=== Exercise materials ===
(* If B is symmetric, the trace form (x, y) |-> tr (y x) is nondegenerate on
   M(B,k), and M(B,k) is Frobenius.  Conversely, a Frobenius isomorphism phi
   gives the linear form t = phi _ 1 with phi x y = t (y x).  Taking for each p
   the x_p dual to the coordinate form y |-> y p q, the matrices
   (t (e_ab))_{a -> q, q -> b} and ((x_p) q b)_{q -> b, p -> q} multiply to the
   identity, so q has no more predecessors than successors.
   For a preorder this forces symmetry: from a pair i -> j with no way back,
   take m with i -> m, not m -> i, and as few successors as possible; its
   successors form a proper subset of its predecessors.  An equivalence
   relation is a block relation, and cutting a matrix into its diagonal
   blocks is the isomorphism with the product of full matrix algebras. *)

Lemma mxtrace_delta_mulmx (k : fieldType) (n : nat) (i j : 'I_n) (x : 'M[k]_n) :
  \tr (delta_mx j i *m x) = x i j.
Proof.
rewrite /mxtrace (bigD1 j) //= big1 ?addr0.
  rewrite mxE (bigD1 i) //= big1 ?addr0; first by rewrite mxE !eqxx mul1r.
  by move=> l nl; rewrite mxE eqxx (negbTE nl) mul0r.
by move=> c nc; rewrite mxE big1 // => l _; rewrite mxE (negbTE nc) mul0r.
Qed.

Lemma delta_mulmx_entry (k : fieldType) (n : nat) (a q a' b : 'I_n) (w : 'M[k]_n) :
  (delta_mx a q *m w) a' b = (a' == a)%:R * w q b.
Proof.
rewrite mxE (bigD1 q) //= big1 ?addr0; first by rewrite mxE eqxx andbT.
by move=> l nl; rewrite mxE (negbTE nl) andbF mul0r.
Qed.

Lemma leq_of_mulmx_eq1 (F : fieldType) (m p : nat) (M : 'M[F]_(m, p)) (W : 'M_(p, m)) :
  M *m W = 1%:M -> (m <= p)%N.
Proof.
move=> MW; have := mxrankM_maxr M W; rewrite MW mxrank1.
by move/leq_trans; apply; apply: rank_leq_row.
Qed.

Section StructuralMatrixAlgebra.
Variables (k : fieldType) (n : nat) (B : rel 'I_n).
Local Notation S := (sma k B).

Lemma smaP (x : 'M[k]_n) : reflect (forall i j, ~~ B i j -> x i j = 0) (x \in S).
Proof.
rewrite unfold_in /sma; apply: (iffP forallP) => [H i j nB|H i].
  by have /forallP/(_ j)/implyP/(_ nB)/eqP := H i.
by apply/forallP => j; apply/implyP => nB; rewrite H.
Qed.

Lemma sma0 : (0 : 'M[k]_n) \in S.
Proof. by apply/smaP => i j _; rewrite mxE. Qed.

Lemma smaD x y : x \in S -> y \in S -> x + y \in S.
Proof. by move=> /smaP Hx /smaP Hy; apply/smaP => i j nB; rewrite mxE Hx ?Hy ?addr0. Qed.

Lemma smaZ (c : k) x : x \in S -> c *: x \in S.
Proof. by move=> /smaP Hx; apply/smaP => i j nB; rewrite mxE Hx ?mulr0. Qed.

Lemma sma_sum (I : Type) (r : seq I) (P : pred I) (F : I -> 'M[k]_n) :
  (forall i, P i -> F i \in S) -> \sum_(i <- r | P i) F i \in S.
Proof. by move=> FS; apply: (big_ind (fun x => x \in S)); [exact: sma0|exact: smaD|]. Qed.

Lemma sma_delta i j : B i j -> delta_mx i j \in S.
Proof.
move=> Bij; apply/smaP => a b nB; rewrite mxE.
by case: eqP => [ea|//]; case: eqP => [eb|//]; move: nB; rewrite ea eb Bij.
Qed.

Lemma sma_scale_delta x i j : x \in S -> x i j *: delta_mx i j \in S.
Proof.
move=> /smaP xS; case: (boolP (B i j)) => Bij; first by rewrite smaZ ?sma_delta.
by rewrite xS // scale0r sma0.
Qed.

Section LinearFunctional.
Variable f : 'M[k]_n -> k.
Hypothesis flin : lin_functional_on S f.

Lemma lin_functional0 : f 0 = 0.
Proof. by rewrite -(scale0r (0 : 'M[k]_n)) (proj2 flin) ?mul0r ?sma0. Qed.

Lemma lin_functional_sum (I : Type) (r : seq I) (P : pred I) (F : I -> 'M[k]_n) :
  (forall i, P i -> F i \in S) ->
  f (\sum_(i <- r | P i) F i) = \sum_(i <- r | P i) f (F i).
Proof.
move=> FS; elim: r => [|x r IH]; first by rewrite !big_nil lin_functional0.
by rewrite !big_cons; case: ifP => Px //; rewrite (proj1 flin) ?IH ?FS ?sma_sum.
Qed.
Lemma flux_lim_0 (v d dw : R -> R) (M delta : R) :
  0 < delta -> (forall x, 0 < x -> is_derive v x (d x)) ->
  (forall x, 0 < x -> is_derive (fun y => y * d y) x (dw x)) ->
  (forall x, 0 < x < delta -> Rabs (dw x) <= M) ->
  filterlim v (at_right 0) (locally (v 0)) ->
  filterlim (fun x => x * d x) (at_right 0) (locally 0).
Proof.
intros Hdelta Hv Hw HM Hv0. apply filterlim_at_right_0_iff. intros eps Heps.
destruct (proj1 (filterlim_at_right_0_iff v (v 0)) Hv0 (eps / 8) ltac:(lra))
  as [delta1 [Hdelta1 Hv1]].
pose proof (Rabs_pos M) as HM0.
exists (Rmin (Rmin delta delta1) (eps / (2 * (Rabs M + 1)))). split.
{ apply Rmin_pos; [apply Rmin_pos|]; try lra. apply Rdiv_lt_0_compat; lra. }
intros r Hr.
assert (r < delta /\ r < delta1 /\ r < eps / (2 * (Rabs M + 1))) as [Hrd [Hrd1 Hre]].
{ pose proof (Rmin_l (Rmin delta delta1) (eps / (2 * (Rabs M + 1)))).
  pose proof (Rmin_r (Rmin delta delta1) (eps / (2 * (Rabs M + 1)))).
  pose proof (Rmin_l delta delta1). pose proof (Rmin_r delta delta1). lra. }
assert (Hsmall : r * (Rabs M + 1) < eps / 2).
{ apply (Rmult_lt_compat_r (Rabs M + 1)) in Hre; [|lra].
  replace (eps / (2 * (Rabs M + 1)) * (Rabs M + 1)) with (eps / 2) in Hre by (field; lra).
  exact Hre. }
assert (Hosc : Rabs (v r - v (r / 2)) < eps / 4).
{ assert (H1 := Hv1 r ltac:(lra)). assert (H2 := Hv1 (r / 2) ltac:(lra)).
  apply Rabs_def2 in H1. apply Rabs_def2 in H2. apply Rabs_def1; lra. }
rewrite Rminus_0_r.
assert (Hflux := Rabs_flux_le v d dw M r Hv Hw ltac:(intros; apply HM; lra) ltac:(lra)).
pose proof (Rle_abs M). nra.
Qed.

Lemma density_sup_bound (v : R -> R) (k K B beta r : R) :
  0 <= k -> 0 <= K -> (forall s t, 0 < s <= t -> Rabs (v t - v s) <= K * ((t - s) / s)) ->
  (forall x, 0 < x -> continuous (density k v) x) ->
  is_RInt_gen (density k v) (at_right 0) (Rbar_locally p_infty) beta -> beta <= B ->
  0 < r -> v r + (k + 1) * ln r <= K + ln B + (k + 1) * ln 2.
Proof.
intros Hk HK Hosc Hcont Hbeta HB Hr.
set (m := exp (k * ln (r / 2) + v r - K)).
assert (Hlow : forall s, r / 2 <= s <= r -> m <= density k v s).
{ intros s Hs. apply exp_le_exp.
  assert (k * ln (r / 2) <= k * ln s) by (apply Rmult_le_compat_l, ln_le; lra).
  assert (Hvs := Hosc s r ltac:(lra)). pose proof (Rle_abs (v r - v s)).
  assert ((r - s) / s <= 1).
  { apply (Rmult_le_reg_r s); [lra|]. unfold Rdiv. rewrite Rmult_assoc, Rinv_l; lra. }
  assert (K * ((r - s) / s) <= K) by (rewrite <- (Rmult_1_r K) at 2; apply Rmult_le_compat_l; lra).
  lra. }
assert (Hint : (r - r / 2) * m <= beta).
{ replace ((r - r / 2) * m) with (RInt (fun _ => m) (r / 2) r) by (rewrite RInt_const; reflexivity).
  assert (Hle : RInt (density k v) (r / 2) r <= beta).
  { apply (RInt_le_is_RInt_gen (density k v) beta); auto; try lra.
    intros; apply density_nonneg. }
  eapply Rle_trans; [apply RInt_le | exact Hle]; try lra.
  - apply ex_RInt_const.
  - apply ex_RInt_pos; auto; lra.
  - intros; apply Hlow; lra. }
assert (Hm : (r - r / 2) * m = exp ((k + 1) * ln (r / 2) + v r - K)).
{ unfold m. replace (r - r / 2) with (exp (ln (r / 2))) by (rewrite exp_ln; lra).
  rewrite <- exp_plus. f_equal. ring. }
assert (HlnB : (k + 1) * ln (r / 2) + v r - K <= ln B).
{ rewrite <- (ln_exp ((k + 1) * ln (r / 2) + v r - K)).
  apply ln_le; [apply exp_pos | lra]. }
rewrite ln_div in HlnB by lra. lra.
Qed.

Definition flux_energy (tau a b : R) : R :=
  (a * a + b * b + 2 * tau * a * b) / (2 * (1 - tau * tau)).

Lemma filterlim_flux_energy {T} (F : (T -> Prop) -> Prop) {FF : Filter F}
    (tau : R) (f g : T -> R) (a b : R) :
  filterlim f F (locally a) -> filterlim g F (locally b) ->
  filterlim (fun x => flux_energy tau (f x) (g x)) F (locally (flux_energy tau a b)).
Proof.
intros Hf Hg. unfold flux_energy, Rdiv.
apply (filterlim_Rmult F (fun x => f x * f x + g x * g x + 2 * tau * f x * g x) (fun _ => _));
  [|apply filterlim_const].
repeat apply (filterlim_Rplus F); repeat apply (filterlim_Rmult F); auto; apply filterlim_const.
Qed.

Lemma flux_energy_asymptotic (tau b1 b2 : R) : -1 < tau < 1 ->
  flux_energy tau (- (b1 - tau * b2)) (- (b2 - tau * b1)) =
  (b1 * b1 - 2 * tau * b1 * b2 + b2 * b2) / 2.
Proof. intros Htau. unfold flux_energy. field. nra. Qed.

Lemma is_derive_flux_energy (tau : R) (f g : R -> R) (x df dg : R) :
  -1 < tau < 1 -> is_derive f x df -> is_derive g x dg ->
  is_derive (fun y => flux_energy tau (f y) (g y)) x
    ((f x * (df + tau * dg) + g x * (dg + tau * df)) / (1 - tau * tau)).
Proof.
intros Htau Hf Hg. unfold flux_energy. auto_derive.
- repeat split; first [exists df; exact Hf | exists dg; exact Hg].
- replace (Derive (fun y => f y) x) with df by (symmetry; apply is_derive_unique; exact Hf).
  replace (Derive (fun y => g y) x) with dg by (symmetry; apply is_derive_unique; exact Hg).
  field. nra.
Qed.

=== What to produce ===
Your task for the entries above: copy exactly the span starting with the line with "intros; apply density_nonneg." and going on through the line with "intros Hf Hg. unfold flux_energy, Rdiv.", both lines included, and nothing else.

=== Written answer ===
    intros; apply density_nonneg. }
  eapply Rle_trans; [apply RInt_le | exact Hle]; try lra.
  - apply ex_RInt_const.
  - apply ex_RInt_pos; auto; lra.
  - intros; apply Hlow; lra. }
assert (Hm : (r - r / 2) * m = exp ((k + 1) * ln (r / 2) + v r - K)).
{ unfold m. replace (r - r / 2) with (exp (ln (r / 2))) by (rewrite exp_ln; lra).
  rewrite <- exp_plus. f_equal. ring. }
assert (HlnB : (k + 1) * ln (r / 2) + v r - K <= ln B).
{ rewrite <- (ln_exp ((k + 1) * ln (r / 2) + v r - K)).
  apply ln_le; [apply exp_pos | lra]. }
rewrite ln_div in HlnB by lra. lra.
Qed.

Definition flux_energy (tau a b : R) : R :=
  (a * a + b * b + 2 * tau * a * b) / (2 * (1 - tau * tau)).

Lemma filterlim_flux_energy {T} (F : (T -> Prop) -> Prop) {FF : Filter F}
    (tau : R) (f g : T -> R) (a b : R) :
  filterlim f F (locally a) -> filterlim g F (locally b) ->
  filterlim (fun x => flux_energy tau (f x) (g x)) F (locally (flux_energy tau a b)).
Proof.
intros Hf Hg. unfold flux_energy, Rdiv.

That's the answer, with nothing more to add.